This weekend I found myself in the Oxford Street branch of John Lewis, returning a jacket I’d bought online. When I got to the cashier, he asked me for my receipt along with my loyalty card.
Being the modern (or maybe lazy is more accurate) consumer that I am, I opened the JL mobile app, used TouchID to login and access my digital receipt, and handed the cashier my phone. He verified the transaction and scanned my loyalty card. Done. No wallet, no paper, no plastic, no fuss!
Why am I telling you this? Well for starters, I could have bought that jacket anywhere, and of course, I could have chosen to return it via post, or have it collected from my house. Perhaps I might have decided to never to use the JL app or set foot inside one of their stores again, given the jacket was defective! But I didn’t, and here’s why…
Keep it Simple
Earlier this year, the brand consulting firm Siegel & Gale released the 2017 edition of their annual “Brand Simplicity Index,” which rates companies based on their ability to offer simple consumer experiences. Siegel & Gale’s belief (and mine for that matter) is that brands who embrace simplicity are more profitable.
JL was one of the best performing brands, rising 13 places to number 5 on the UK list. The parent group was the only company to have two individual brands among the top 25 (their supermarket chain Waitrose came
in 21st place). Leaving JL to one side, and looking at the all of the brands who are rising on this year’s list, it’s clear that they have something in common…
Awesome at Mobile
The last 12 months has seen a rapid maturation in terms of the quality of consumer mobile experiences. No longer are native applications just expensive vanity projects, they are now genuinely powerful tools that are driving meaningful revenue for the companies that build them, including JL. In industries like retail, travel, and consumer cyclicals, mobile is fast becoming the de facto vehicle for loyalty and re-engagement.
As the quality of experience has gone up, consumers have begun to spend more of their time inside of apps, but conversely, they are more selective about which apps they choose to engage with. As a result, being simple alone is not enough to conquer the initial hurdle of getting people to actually invest scarce home screen real estate to downloading your application.
Focusing on simplicity only is all well and good if you’re Amazon or Google, and you have the head-start of hundreds of millions of consumers using your apps, and leveraging embedded services inside of your own web browsers, mobile phones, and connected TVs.
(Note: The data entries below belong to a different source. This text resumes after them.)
(* Every quasi-semi-simple group $(G,\tau)$ is topologically minimal: if $\tau'$ is a Hausdorff topology on $G$ making $G$ a topological group and $\tau'\subseteq\tau$, then $\tau'=\tau$.
   Context: A locally compact group $G$ is quasi-semi-simple (qss) if there is a closed subgroup $A<G$ such that (i) $G=CAC$ for some compact $C\subset G$; (ii) for every net $(a_\alpha)$ in $A$ converging to infinity there is a subnet $(a_\beta)$ such that $U^{(a_\beta)}_+$ is not precompact and the subgroup generated by $U^{(a_\beta)}_+,U^{(a_\beta)}_-,U^{(a_\beta)}_0$ is dense in $G$, where for a net $(g_\alpha)$: $U^{(g_\alpha)}_+=\{x: g_\alpha^{-1}xg_\alpha\to e\}$, $U^{(g_\alpha)}_-=\{x: g_\alpha xg_\alpha^{-1}\to e\}$, and $U^{(g_\alpha)}_0$ is the set of $x$ such that every subnet of each of the nets $(g_\alpha^{-1}xg_\alpha)$, $(g_\alpha xg_\alpha^{-1})$ admits a converging subnet. *)

From Stdlib Require Import List.

Set Implicit Arguments.

Record GroupOn (G : Type) := {
  gmul : G -> G -> G;
  ginv : G -> G;
  gone : G;
  gmul_assoc : forall x y z, gmul x (gmul y z) = gmul (gmul x y) z;
  gmul_1l : forall x, gmul gone x = x;
  gmul_1r : forall x, gmul x gone = x;
  gmul_Vl : forall x, gmul (ginv x) x = gone;
  gmul_Vr : forall x, gmul x (ginv x) = gone
}.

Record directed := {
  dT :> Type;
  dle : dT -> dT -> Prop;
  dle_refl : forall a, dle a a;
  dle_trans : forall a b c, dle a b -> dle b c -> dle a c;
  dle_dir : forall a b, exists c, dle a c /\ dle b c;
  d_inhab : dT
}.

Definition eventually (D : directed) (P : D -> Prop) : Prop :=
  exists a0 : D, forall a : D, dle D a0 a -> P a.

(* (E, h) defines a subnet of any net indexed by D: h is cofinal
   (Willard's notion: for every d, eventually h e >= d). The subnet of x is x \o h. *)
Definition is_subnet (D E : directed) (h : E -> D) : Prop :=
  forall d : D, eventually E (fun e => dle D d (h e)).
For the rest of us, the secret to winning the hearts and minds of consumers is in offering genuine utility. Mobile is just one part of the overall puzzle, but it’s a very important one, and it underpins the success of brands like JL in the Siegel & Gale study.
Last year, Digital Experience Studio, 383 Project, published a fantastic book on brand utility titled “The Useful Brands Playbook” which I implore you to download and read. Jacob and the team at 383 believe that consumer technologies, such as mobile, are only just now entering the phase of maturity where they can begin to deliver the levels of utility required to move the needle on consumer behavior.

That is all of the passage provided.